Kosten drücken durch Sanierung, Strom sparen mit E-Autos, Österreich braucht Atomstrom: Markus Groll zerpflückt Ökomythen und Energiesparlügen

Steigende Energiepreise, fruchtlose Bemühungen in Sachen Klimaschutz, neue Technologien, die zunehmend auch für Anleger interessant werden: Energie und Energiesparen ist in aller Munde. Auf Wirtschafts- und Umweltpolitiker kommen in Sachen Energieversorgung der Zukunft einige wichtige Entscheidungen zu. Und auf die Energiekonsumenten einige wichtige Einsichten. Zu solchen verhilft einem Markus Groll. Der Journalist und Sachbuchautor hat in seinem gleichnamigen Buch "die 50 größten Energiespar-Lügen" zusammengetragen und weit verbreitete Ökomythen auf ihren wahren Kern abgeklopft. Sein Schluss: Der Konsument wird beim Energiesparen kräftig hinters Licht geführt.

Vom Duschen und technischem Klimbim

Etwa in Sachen Wohnraumsanierung. Die amortisiert sich laut Groll in wenigen Fällen wirklich - trotz hoher Energiepreise. Und wer glaubt, dass Duschen mehr Energie spart, als ein Wannenbad, der irrt. Auch da geistern in so gut wie allen Ratgebern falsche Berechnungen herum. Was die Hoffnung betreffe, dass man mit technischem Klimbim das Energiesparen umgehen könne, so sei dies ein leicht zu wiederlegender Irrglaube, mahnt Groll.

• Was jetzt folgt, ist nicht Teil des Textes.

From mathcomp Require Import all_boot all_order all_algebra.
From mathcomp Require Import zify ring.
From Stdlib Require Import Classical.
Import GRing.Theory.

Set Implicit Arguments. Unset Strict Implicit. Unset Printing Implicit Defensive.

(* An odd closed walk of Pet(n,k) taking a forward and b backward outer steps, c forward and
   d backward inner steps and s spokes returns to its starting index, so a - b + k (c - d) is a
   multiple of n.  As s is even, (|a - b|, c, d) (with c and d swapped when b > a) is a feasible
   point of value at most the length minus s, and for s = 0 the walk stays on one rim, so the
   point is trivial.  Conversely every solution is realised by a cycle: (n, 0, 0) by the outer
   rim, (0, v, 0) by the inner cycle v_0 v_k v_2k ..., and a nontrivial (u, v, 0) by u outer
   steps, a spoke, v inner k-steps and a spoke back, of length u + v + 2 = 2r + 3.  Minimality
   of the solution is what keeps these cycles simple, and the symmetry k <-> n - k of the inner
   rim turns (u, vp, vm) into (u, vm, vp). *)

Lemma odd_half_double m : odd m -> m = 2 * m./2 + 1.
Proof. by move=> m_odd; rewrite -{1}(odd_double_half m) m_odd; lia. Qed.

Lemma classical_ex_minn (P : nat -> Prop) :
  (exists m, P m) -> exists2 m, P m & forall m', P m' -> m <= m'.
Proof.
case=> m; elim: m {-2}m (leqnn m) => [|m IHm] r le_rm Pr.
  by exists r => // m' _; lia.
have [[r' [Pr' lt_r'r]] | no_smaller] := classic (exists r', P r' /\ r' < r).
  by apply: (IHm r') => //; lia.
exists r => // r' Pr'; rewrite leqNgt; apply/negP => lt_r'r.
by apply: no_smaller; exists r'.
Qed.

Section IntegerProgram.

Variables n k : nat.

Lemma feasible_of_step_counts a b c d (t : int) :
  (a%:Z - b%:Z + k%:Z * (c%:Z - d%:Z) = t * n%:Z)%R -> odd (a + b + c + d) ->
  exists (u vp vm r : nat) (t' : int), [/\ ip_feasible n k u vp vm r t',
    2 * r + 1 <= a + b + c + d, (a + b = 0 -> u = 0) & (c + d = 0 -> vp + vm = 0)].
Proof.
move=> winding_eq odd_abcd.
have odd_diff e : e <= minn a b -> odd (a + b + c + d - e.*2).
  by move=> le_e; rewrite oddB ?odd_double ?addbF //; lia.
have [le_ba | lt_ab] := leqP b a.
- exists (a - b), c, d, (a - b + c + d)./2, t; split; try lia; split.
  + by rewrite -subzn // winding_eq.
  + apply: odd_half_double; rewrite (_ : _ + d = a + b + c + d - b.*2) ?odd_diff; lia.
- exists (b - a), d, c, (b - a + d + c)./2, (- t)%R; split; try lia; split.
  + rewrite -subzn ?(ltnW lt_ab) // mulNr -winding_eq; ring.
  + apply: odd_half_double; rewrite (_ : _ + c = a + b + c + d - a.*2) ?odd_diff; lia.
Qed.

Lemma ip_solution_le u vp vm r t u' vp' vm' r' t' :
  ip_solution n k u vp vm r t -> ip_feasible n k u' vp' vm' r' t' -> r <= r'.
Proof. by move=> [[_ value] min_value] /[dup] [[_ value']] /min_value; lia. Qed.

Lemma ip_solution_of_feasible u vp vm r t u' vp' vm' t' :
  ip_solution n k u vp vm r t -> ip_feasible n k u' vp' vm' r t' -> ip_solution n k u' vp' vm' r t'.
Proof.
move=> sol feas'; split=> // u'' vp'' vm'' r'' t'' /[dup] [[_ value'']] /(ip_solution_le sol).
by case: feas' => _; lia.
Qed.

Lemma ip_solution_exists :
  (exists (u vp vm r : nat) (t : int), ip_feasible n k u vp vm r t) ->
  exists (u vp vm r : nat) (t : int), ip_solution n k u vp vm r t.
Proof.
case=> u [vp [vm [r [t feas]]]].
have [r0 [u0 [vp0 [vm0 [t0 feas0]]]] min_r0] :
    exists2 r0, exists (u vp vm : nat) (t : int), ip_feasible n k u vp vm r0 t &
      forall r', (exists (u vp vm : nat) (t : int), ip_feasible n k u vp vm r' t) -> r0 <= r'.
  by apply: classical_ex_minn; exists r, u, vp, vm, t.
exists u0, vp0, vm0, r0, t0; split=> // u' vp' vm' r' t' feas'.
have : r0 <= r' by apply: min_r0; exists u', vp', vm', t'.
by case: feas0 => _; case: feas' => _; lia.
Qed.

Lemma ip_solution_one_way u vp vm r t : ip_solution n k u vp vm r t -> vp = 0 \/ vm = 0.
Proof.
move=> sol; have [[winding value] _] := sol.
have [vp0 | vp_gt0] := posnP vp; first by left.
have [vm0 | vm_gt0] := posnP vm; first by right.
have : r <= r.-1; last lia.
apply: (ip_solution_le sol (u' := u) (vp' := vp.-1) (vm' := vm.-1) (t' := t)); split; last lia.
by rewrite -winding !predn_int //; ring.
Qed.

Lemma ip_solution_u_ge_n u vp vm r t : 0 < n -> ip_solution n k u vp vm r t -> n <= u ->
  [/\ u = n, vp = 0 & vm = 0].
Proof.
move=> n_gt0 sol le_nu; have [[winding value] _] := sol.
have [n_odd | n_even] := boolP (odd n).
  have : r <= n./2; last by have := odd_half_double n_odd; split; lia.
  apply: (ip_solution_le sol (u' := n) (vp' := 0) (vm' := 0) (t' := 1%R)).
  by split; [rewrite subrr mulr0 addr0 mul1r | rewrite !addn0 -odd_half_double].
have : r <= r - n./2; last by rewrite -[n](odd_double_half) (negbTE n_even) in n_gt0; lia.
apply: (ip_solution_le sol (u' := u - n) (vp' := vp) (vm' := vm) (t' := (t - 1)%R)).
split; last by rewrite -[n](odd_double_half) (negbTE n_even) in le_nu *; lia.
by rewrite -subzn // mulrBl -winding; ring.
Qed.

Lemma ip_solution_inner_period u v r t d : ip_solution n k u v 0 r t ->
  0 < d <= v -> d * k %% n = 0 -> u = 0 /\ d = v.
Proof.
move=> sol /andP[d_gt0 le_dv] dk_mod; have [[winding value] _] := sol.
have dk_mul : (k%:Z * d%:Z = Posz (d * k %/ n) * n%:Z)%R.
  by rewrite -!PoszM mulnC {1}(divn_eq (d * k) n) dk_mod addn0.
have [d_odd | d_even] := boolP (odd d).
  have : r <= d./2; last by have := odd_half_double d_odd; lia.
  apply: (ip_solution_le sol (u' := 0) (vp' := d) (vm' := 0) (t' := Posz (d * k %/ n))).
  split; last by rewrite addn0 add0n -odd_half_double.
  by rewrite add0r subr0 dk_mul.
have : r <= r - d./2; last by rewrite -[d](odd_double_half) (negbTE d_even) in d_gt0; lia.
apply: (ip_solution_le sol (u' := u) (vp' := v - d) (vm' := 0) (t' := (t - Posz (d * k %/ n))%R)).
split; last by rewrite -[d](odd_double_half) (negbTE d_even) in le_dv *; lia.
by rewrite -subzn // mulrBl -winding -dk_mul; ring.
Qed.

End IntegerProgram.

Lemma pet_adj_reflect n k : k <= n -> pet_adj n (n - k) =2 pet_adj n k.
Proof.
move=> le_kn [i|i] [j|j] //=.
have reflect_step a b : a < n -> b < n -> (b == (a + (n - k)) %% n) = (a == (b + k) %% n).
  move=> lt_an lt_bn; apply/eqP/eqP => ->.
  - by rewrite modnDml -addnA subnK // modnDr modn_small.
  - by rewrite modnDml -addnA subnKC // modnDr modn_small.
by rewrite !reflect_step // orbC.
Qed.

Lemma graph_cycle_reflect n k c : k <= n ->
  is_graph_cycle (pet_adj n (n - k)) c = is_graph_cycle (pet_adj n k) c.
Proof. by move=> le_kn; rewrite /is_graph_cycle (eq_cycle (pet_adj_reflect le_kn)). Qed.

Lemma ip_feasible_reflect n k u vp vm r t : k <= n -> ip_feasible n k u vp vm r t ->
  ip_feasible n (n - k) u vm vp r (t + vm%:Z - vp%:Z)%R.
Proof.
move=> le_kn [winding value]; split; last lia.
rewrite -subzn // (_ : (t + vm%:Z - vp%:Z) * n%:Z = t * n%:Z + (vm%:Z - vp%:Z) * n%:Z)%R; last ring.
by rewrite -winding; ring.
Qed.

Lemma ip_solution_reflect n k u vp vm r t : k <= n -> ip_solution n k u vp vm r t ->
  ip_solution n (n - k) u vm vp r (t + vm%:Z - vp%:Z)%R.
Proof.
move=> le_kn [feas min_value]; split; first exact: ip_feasible_reflect.
move=> u' vp' vm' r' t' /(ip_feasible_reflect (leq_subr k n)).
by rewrite subKn // => /min_value; lia.
Qed.

Section OddClosedWalks.

Variables n k : nat.

Definition rim_index (x : pet_vertex n) : nat := match x with inl i | inr i => val i end.

Definition on_inner_rim (x : pet_vertex n) : bool := if x is inr _ then true else false.

(* 0 and 1: an outer edge u_i u_(i+1) traversed forwards and backwards;
   2 and 3: an inner edge v_i v_(i+k) traversed forwards and backwards; 4: a spoke. *)
Definition step_kind (x y : pet_vertex n) : nat :=
  match x, y with
  | inl i, inl j => if val j == (val i + 1) %% n then 0 else 1
  | inr i, inr j => if val j == (val i + k) %% n then 2 else 3
  | _, _ => 4
  end.

Definition steps (K : nat) (x : pet_vertex n) (q : seq (pet_vertex n)) : nat :=
  count_mem K (pairmap step_kind x q).

Definition winding (x : pet_vertex n) (q : seq (pet_vertex n)) : int :=
  ((steps 0 x q)%:Z - (steps 1 x q)%:Z + k%:Z * ((steps 2 x q)%:Z - (steps 3 x q)%:Z))%R.

Lemma winding_cons x y q : winding x (y :: q) = (winding x [:: y] + winding y q)%R.
Proof. rewrite /winding /steps /=; lia. Qed.

Lemma step_winding x y : pet_adj n k x y ->
  exists t : int, winding x [:: y] = ((rim_index y)%:Z - (rim_index x)%:Z + t * n%:Z)%R.
Proof.
rewrite /winding /steps; case: x => i; case: y => j /=.
- case: ifP => [/eqP -> _ | _ /= /eqP ->].
  + by exists (Posz ((i + 1) %/ n)); have := divn_eq (i + 1) n; lia.
  + by exists (- Posz ((j + 1) %/ n))%R; have := divn_eq (j + 1) n; lia.
- by move=> /eqP ->; exists 0%R; lia.
- by move=> /eqP ->; exists 0%R; lia.
- case: ifP => [/eqP -> _ | _ /= /eqP ->].
  + by exists (Posz ((i + k) %/ n)); have := divn_eq (i + k) n; lia.
  + by exists (- Posz ((j + k) %/ n))%R; have := divn_eq (j + k) n; lia.
Qed.

Lemma path_winding x q : path (pet_adj n k) x q ->
  exists t : int, winding x q = ((rim_index (last x q))%:Z - (rim_index x)%:Z + t * n%:Z)%R.
Proof.
elim: q x => [|y q IHq] x /=; first by exists 0%R; rewrite /winding /steps /=; lia.
rewrite winding_cons => /andP[/step_winding [t1 ->] /IHq [t2 ->]].
by exists (t1 + t2)%R; ring.
Qed.

Lemma odd_spokes x q : odd (steps 4 x q) = on_inner_rim x (+) on_inner_rim (last x q).
Proof.
elim: q x => [|y q IHq] x; first by rewrite addbb.
rewrite /steps /= oddD -/(steps 4 y q) IHq.
by case: x => i; case: y => j /=; try case: ifP; case: on_inner_rim.
Qed.

Lemma spokeless_walk_one_rim x q : steps 4 x q = 0 ->
  if on_inner_rim x then steps 0 x q + steps 1 x q = 0 else steps 2 x q + steps 3 x q = 0.
Proof.
elim: q x => [|y q IHq] x; first by case: on_inner_rim.
have := IHq y; rewrite /steps /=.
by case: x => i; case: y => j /=; try case: ifP => _ /=; lia.
Qed.

Lemma steps_sum x q : steps 0 x q + steps 1 x q + steps 2 x q + steps 3 x q + steps 4 x q = size q.
Proof.
elim: q x => [|y q IHq] x //=; rewrite -(IHq y) /steps /=.
by case: x => i; case: y => j /=; try case: ifP; lia.
Qed.

End OddClosedWalks.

Der Konsument geht - in der Meinung, dass er eh nur das energiefreundlichste Gerät nützt - mit selbigem vielfach großzügig bis verschwenderisch um. Einen Beleg für diese These findet sich im England des frühen 20. Jahrhunderts, als in den Glühlampen die alten Kohlefaserglühwendeln durch solche aus Wolfram ersetzt wurden. Diese verbrauchten nur ein Viertel Strom bei gleicher Leuchtleistung. Die Stromunternehmer befürchteten damals Umsatzeinbrüche, andere senkten die Preise um den Markt anzukurbeln: Die Strategie ging auf. Die mit Effizienzsteigerung einhergehende Verbilligung hatte zu einer Umsatzexplosion geführt. Was das für heute heißt? Könnte sein, dass der Ersatz der Glühlampen durch LED- oder Energiesparlampen den Effekt zeitigt, dass dann weit mehr Flächen beleuchtet werden als früher. Im Extremfall würde damit statt der Absenkung eine Verbrauchssteigerung einhergehen.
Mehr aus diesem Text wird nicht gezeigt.